Segment Start: Extracted material

(* Each x has a neighbourhood O of B whose closure misses the points
   h^(d+1) x outside B; the visit counts of closures being upper
   semicontinuous, finitely many such O suffice, and we intersect them. *)
Lemma visits_nbhd (X : ptopologicalType) (h : X -> X) (B : set X) N m :
  compact [set: X] -> continuous h ->
  (forall S, finite_set S -> B `&` S = set0 ->
     exists O, [/\ open O, B `<=` O & closure O `&` S = set0]) ->
  (forall x, (visits h N B x <= m)%N) ->
  exists O, [/\ open O, B `<=` O & forall x, (visits h N O x <= m)%N].
Proof.
move=> cX hc sepB visB.
pose D := [set O : set X | open O /\ B `<=` O].
pose f O := [set x | (visits h N (closure O) x <= m)%N].
have cov : [set: X] `<=` cover D f.
  move=> x _.
  pose S := [set iter d.+1 h x | d in [set d : 'I_N | ~ B (iter d.+1 h x)]].
  have fS : finite_set S by apply: finite_image; exact: finite_finset.
  have BS : B `&` S = set0.
    by rewrite -subset0 => y [By [d nBd dy]]; apply: nBd; rewrite dy.
  have [W [oW BW clWS]] := sepB S fS BS.
  exists W => //; apply: leq_trans (visB x); apply: le_visits => d clWd.
  apply: contrapT => nBd; move: clWS; rewrite -subset0; apply.
  by split; [exact: clWd | exists d].
have [Dp sDp covp] : finite_subset_cover D f [set: X].
  move: cX; rewrite compact_cover; apply => // O _.
  by apply: open_visits_le => //; exact: closed_closure.
have DpD i : i \in Dp -> D i by move=> /sDp; rewrite in_setE.
exists (\bigcap_(i in [set` Dp]) i); split.
- by apply: open_bigcap_fset => i /DpD [].
- by move=> y By i /DpD [_]; apply.
- move=> x; have [i Dpi fx] := covp x I.
  apply: leq_trans fx; apply: le_visits => d Dd.
  by apply: subset_closure; exact: Dd.
Qed.

Lemma borel_measurable_open (X : ptopologicalType) (A : set X) :
  open A -> measurable (A : set (borel_type X)).
Proof. by move=> oA; apply: sub_sigma_algebra. Qed.

Lemma invariant_measure_iter (R : realType) (X : ptopologicalType) (h : X -> X)
    (mu : probability (borel_type X) R) n (A : set X) :
  continuous h -> invariant_measure h mu -> open A ->
  mu (iter n h @^-1` A) = mu A.
Proof.
move=> hc hinv; elim: n A => [//|n IH] A oA.
rewrite [_ @^-1` A](_ : _ = iter n h @^-1` (h @^-1` A)) //.
rewrite IH ?hinv //; first exact: borel_measurable_open.
exact: (@open_preimage_iter _ h 1).
Qed.

Lemma sum_indic_visits (R : realType) (X : Type) (h : X -> X) N (O : set X) x :
  \sum_(d < N) \1_(iter d.+1 h @^-1` O) x = (visits h N O x)%:R :> R.
Proof.
rewrite /visits -sum1_card natr_sum [RHS]big_mkcond /=.
apply: eq_bigr => d _; rewrite indicE inE /=.
by have [Od|nOd] := pselect (O (iter d.+1 h x));
  [rewrite mem_set // asboolT | rewrite memNset // asboolF].
Qed.

(* Integrate the visit count: by invariance each of the N visit indicators has
   integral mu O. *)
Lemma invariant_measure_visits_le (R : realType) (X : ptopologicalType)
    (h : X -> X) (mu : probability (borel_type X) R) N m (O : set X) :
  continuous h -> invariant_measure h mu -> open O ->
  (forall x, (visits h N O x <= m)%N) ->
  (N%:R%:E * mu O <= m%:R%:E)%E.
Proof.
move=> hc hinv oO visO.
have mO (d : 'I_N) : measurable (iter d.+1 h @^-1` O : set (borel_type X)).
  by apply: borel_measurable_open; apply: open_preimage_iter.
have -> : (N%:R%:E * mu O =
    \sum_(d < N) \int[mu]_x (\1_(iter d.+1 h @^-1` O) x)%:E)%E.
  rewrite (eq_bigr (fun _ => mu O)) => [|d _].
    by rewrite sumr_const card_ord mule_natl.
  by rewrite integral_indic ?setIT //; exact: invariant_measure_iter.
rewrite -ge0_integral_sum //; last first.
  by move=> d; apply/measurable_EFinP; exact: measurable_indic.
apply: (@le_trans _ _ (\int[mu]_x (cst m%:R%:E) x)%E).
  apply: ge0_le_integral => //.
  - by move=> x _; apply: sume_ge0 => d _; rewrite lee_fin.
  - apply: emeasurable_sum => d.
    by apply/measurable_EFinP; exact: measurable_indic.
  - by move=> x _; rewrite sumEFin lee_fin sum_indic_visits ler_nat.
by rewrite integral_cst //= probability_setT mule1.
Qed.

Section SmallBoundaryProperty.
Variables (X : ptopologicalType) (h : X -> X).
Hypotheses (cX : compact [set: X]) (tsbp : top_small_boundary_property h).

Lemma tsbp_separate (A C : set X) : compact A -> compact C -> A `&` C = set0 ->
  exists W, [/\ open W, A `<=` W, closure W `&` C = set0 &
    top_small h (boundary W)].
Proof.
move=> cA cC AC; have [W [V [[oW oV] AW CV clWV smallW]]] := tsbp cA cC AC.
exists W; split => //; rewrite -subset0 => x [clWx Cx].
by move: clWV; rewrite -subset0; apply; split => //; apply/subset_closure/CV.
Qed.

Lemma tsbp_shrink (A O : set X) : closed A -> open O -> A `<=` O ->
  exists W, [/\ open W, A `<=` W, closure W `<=` O & top_small h (boundary W)].
Proof.
move=> cA oO AO; have cpt (B : set X) : closed B -> compact B.
  by move=> cB; exact: subclosed_compact cB cX (@subsetT _ B).
have AOc : A `&` ~` O = set0 by rewrite -subset0 => x [/AO].
have [W [oW AW clWO smallW]] :=
  tsbp_separate (cpt _ cA) (cpt _ (open_closedC oO)) AOc.
exists W; split => // x clWx; apply: contrapT => nOx.
by move: clWO; rewrite -subset0 => /(_ x); apply.
Qed.

(* N mu(Q) <= m with m independent of N, so take N > m / eps. *)
Lemma top_small_nbhd_measure_lt (R : realType) (eps : R) (B O : set X) :
  continuous h -> 0 < eps -> top_small h B -> open O -> B `<=` O ->
  exists Q, [/\ open Q, B `<=` Q, Q `<=` O &
    forall mu : probability (borel_type X) R, invariant_measure h mu ->
      (mu Q < eps%:E)%E].
Proof.
move=> hc eps0 smallB oO BO.
have [m visB] := top_small_visits_bounded smallB.
pose N := (Num.Def.truncn (m%:R / eps)).+1.
have mN : m%:R < N%:R * eps by rewrite -ltr_pdivrMr // truncnS_gt.
have sepB S : finite_set S -> B `&` S = set0 ->
    exists W, [/\ open W, B `<=` W & closure W `&` S = set0].
  move=> fS BS; have cB := subclosed_compact smallB.1 cX (@subsetT _ B).
  by have [W [? ? ? _]] := tsbp_separate cB (finite_compact fS) BS; exists W.
have [Q [oQ BQ visQ]] := visits_nbhd cX hc sepB (visB N).
exists (Q `&` O); split; [exact: openI | by move=> x Bx; split; auto | |].
  by move=> x [].
move=> mu hinv; rewrite ltNge; apply/negP => epsQ.
have : ((N%:R * eps)%:E <= m%:R%:E)%E.
  have visQO x : (visits h N (Q `&` O) x <= m)%N.
    by apply: leq_trans (visQ x); apply: le_visits => d [].
  apply: le_trans (invariant_measure_visits_le hc hinv (openI oQ oO) visQO).
  by rewrite EFinM lee_wpmul2l // lee_fin.
by rewrite lee_fin leNgt mN.
Qed.
(* Fix an integer $r \geq 2$. There exist constants $\alpha > 0$ and $C' > 0$ such that for all integers $n \geq 1$, $m \leq n$ and $2 \leq k \leq m$, the probability that a random DFA with $n$ states over an alphabet of size $r$ contains a $k$-periodic closed communicating class of size $m$ is at most $C' e^{-\alpha m}$.
   Context: A DFA is a tuple $A = \langle \Sigma, Q, q_0, \tau, \phi\rangle$ with finite alphabet $\Sigma$, finite state set $Q$, initial state $q_0$, transition function $\tau : Q \times \Sigma \to Q$ and termination function $\phi : Q \to \{0,1\}$. Extend $\tau$ to strings as usual and write $\tau_\star(S) = \{\tau(q,x) : q \in S, x \in \Sigma^\star\}$ and $\tau_1(S) = \{\tau(q,\sigma): q \in S, \sigma \in \Sigma\}$ for $S \subseteq Q$. Two states communicate if each is reachable from the other by some string; the equivalence classes are communicating classes. A communicating class $Q'$ is closed if $\tau_\star(Q') = Q'$. For $k > 1$, a closed communicating class $Q'$ is $k$-periodic if there is a partition of $Q'$ into $k$ nonempty parts $Q'_0,\ldots,Q'_{k-1}$ with $\tau_1(Q'_i) = Q'_{(i+1) \bmod k}$ for all $i$. A random DFA with $n$ states over an alphabet $\Sigma$ of size $r$: $Q = [n]$, initial state uniform in $Q$, each $\tau(q,\sigma)$ uniform in $Q$, each $\phi(q)$ uniform in $\{0,1\}$, all independent. *)

From Stdlib Require Import Reals ClassicalEpsilon.
From mathcomp Require Import all_boot.
Set Implicit Arguments. Unset Strict Implicit. Unset Printing Implicit Defensive.

(* States Q = 'I_n, alphabet Sigma = 'I_r. A DFA is (q0, tau, phi). *)
Definition trans (n r : nat) := {ffun 'I_n * 'I_r -> 'I_n}.
Definition dfa (n r : nat) : finType :=
  ('I_n * {ffun 'I_n * 'I_r -> 'I_n} * {ffun 'I_n -> bool})%type.

Section DFA.
Variables (n r : nat) (tau : trans n r).

Definition tau_star (q : 'I_n) (x : seq 'I_r) : 'I_n :=
  foldl (fun p s => tau (p, s)) q x.

Definition reachable (p q : 'I_n) : Prop := exists x : seq 'I_r, tau_star p x = q.
Definition communicate (p q : 'I_n) : Prop := reachable p q /\ reachable q p.

Definition comm_class (S : {set 'I_n}) : Prop :=
  exists p : 'I_n, forall q, q \in S <-> communicate p q.
(* Let $k\ge0$ and let $L$ be a language of pomsets of dimension at most $k$ all having empty source interface. If $L$ is recognizable (there exist a finite category $\mathcal D$, $K\subseteq\mathrm{Mor}(\mathcal D)$ and a functor $F:\mathrm{iiPoms}\to\mathcal D$ with $L=F^{-1}(K)$), then $L$ has a finite coherent presentation, i.e. there exist a finite $\mathrm{iiPoms}_{\le k}$-module $M$, a subset $J\subseteq M$ and a module homomorphism $\varphi:\mathrm{iiPoms}_{\le k}\to M$ with $L=\varphi^{-1}(J)$ such that for every conclist $U$ and all $P,Q\in\mathrm{iiPoms}_{\le k}(\emptyset,U)$: if $\varphi(P)=\varphi(Q)$ then $\varphi(P-A)=\varphi(Q-A)$ for all $A\subseteq U$.
   Context: Fix a finite alphabet $\Sigma$. Pomsets $(P,<,\dashrightarrow,\lambda,S,T)$: $P$ finite, $<$ a strict partial interval order, $\dashrightarrow$ acyclic relating (in one direction) distinct $<$-incomparable elements, $\lambda:P\to\Sigma$, $S$/$T$ sets of $<$-minimal/maximal elements viewed as conclists (finite totally ordered labelled sets); up to isomorphism. $\mathrm{iiPoms}$: category with objects conclists, morphisms $U\to V$ pomsets with source $U$ and target $V$, composition the gluing $P*Q$ (identify $T_P$ with $S_Q$; precedence $<_P\cup<_Q\cup(P\setminus T_P)\times(Q\setminus S_Q)$; event orders, labels united; source $S_P$, target $T_Q$), identities $\mathrm{id}_U=(U,\emptyset,\dashrightarrow,\lambda,U,U)$; $\mathrm{iiPoms}_{\le k}$: pomsets whose $<$-antichains have size $\le k$. For a pomset $P$ and $A\subseteq P$, $P-A$ is the subpomset induced on $P\setminus A$ (restricted relations, labels and interfaces). A $\mathcal C$-module is a set $M$ with $\mathrm{src},\mathrm{tgt}:M\to\mathrm{Ob}(\mathcal C)$ and actions $M(U,V)\times\mathcal C(V,W)\to M(U,W)$ ($M(U,V)=\mathrm{src}^{-1}(U)\cap\mathrm{tgt}^{-1}(V)$), $m\cdot\alpha$, with $m\cdot\mathrm{id}=m$, $(m\cdot\alpha)\cdot\beta=m\cdot(\alpha\beta)$ (diagrammatic composition); homomorphisms preserve $\mathrm{src},\mathrm{tgt}$ and commute with the action; $\mathrm{iiPoms}_{\le k}$ is a module over itself via gluing. *)

From mathcomp Require Import all_boot.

Segment End: Extracted material

**Exercise directions**
Within the data above, the lines from the one with "have sepB S" to the one with "Set Implicit Arguments." must be repeated exactly; no other line belongs in the answer.

**Exercise output**
have sepB S : finite_set S -> B `&` S = set0 ->
    exists W, [/\ open W, B `<=` W & closure W `&` S = set0].
  move=> fS BS; have cB := subclosed_compact smallB.1 cX (@subsetT _ B).
  by have [W [? ? ? _]] := tsbp_separate cB (finite_compact fS) BS; exists W.
have [Q [oQ BQ visQ]] := visits_nbhd cX hc sepB (visB N).
exists (Q `&` O); split; [exact: openI | by move=> x Bx; split; auto | |].
  by move=> x [].
move=> mu hinv; rewrite ltNge; apply/negP => epsQ.
have : ((N%:R * eps)%:E <= m%:R%:E)%E.
  have visQO x : (visits h N (Q `&` O) x <= m)%N.
    by apply: leq_trans (visQ x); apply: le_visits => d [].
  apply: le_trans (invariant_measure_visits_le hc hinv (openI oQ oO) visQO).
  by rewrite EFinM lee_wpmul2l // lee_fin.
by rewrite lee_fin leNgt mN.
Qed.
(* Fix an integer $r \geq 2$. There exist constants $\alpha > 0$ and $C' > 0$ such that for all integers $n \geq 1$, $m \leq n$ and $2 \leq k \leq m$, the probability that a random DFA with $n$ states over an alphabet of size $r$ contains a $k$-periodic closed communicating class of size $m$ is at most $C' e^{-\alpha m}$.
   Context: A DFA is a tuple $A = \langle \Sigma, Q, q_0, \tau, \phi\rangle$ with finite alphabet $\Sigma$, finite state set $Q$, initial state $q_0$, transition function $\tau : Q \times \Sigma \to Q$ and termination function $\phi : Q \to \{0,1\}$. Extend $\tau$ to strings as usual and write $\tau_\star(S) = \{\tau(q,x) : q \in S, x \in \Sigma^\star\}$ and $\tau_1(S) = \{\tau(q,\sigma): q \in S, \sigma \in \Sigma\}$ for $S \subseteq Q$. Two states communicate if each is reachable from the other by some string; the equivalence classes are communicating classes. A communicating class $Q'$ is closed if $\tau_\star(Q') = Q'$. For $k > 1$, a closed communicating class $Q'$ is $k$-periodic if there is a partition of $Q'$ into $k$ nonempty parts $Q'_0,\ldots,Q'_{k-1}$ with $\tau_1(Q'_i) = Q'_{(i+1) \bmod k}$ for all $i$. A random DFA with $n$ states over an alphabet $\Sigma$ of size $r$: $Q = [n]$, initial state uniform in $Q$, each $\tau(q,\sigma)$ uniform in $Q$, each $\phi(q)$ uniform in $\{0,1\}$, all independent. *)

From Stdlib Require Import Reals ClassicalEpsilon.
From mathcomp Require Import all_boot.
Set Implicit Arguments. Unset Strict Implicit. Unset Printing Implicit Defensive.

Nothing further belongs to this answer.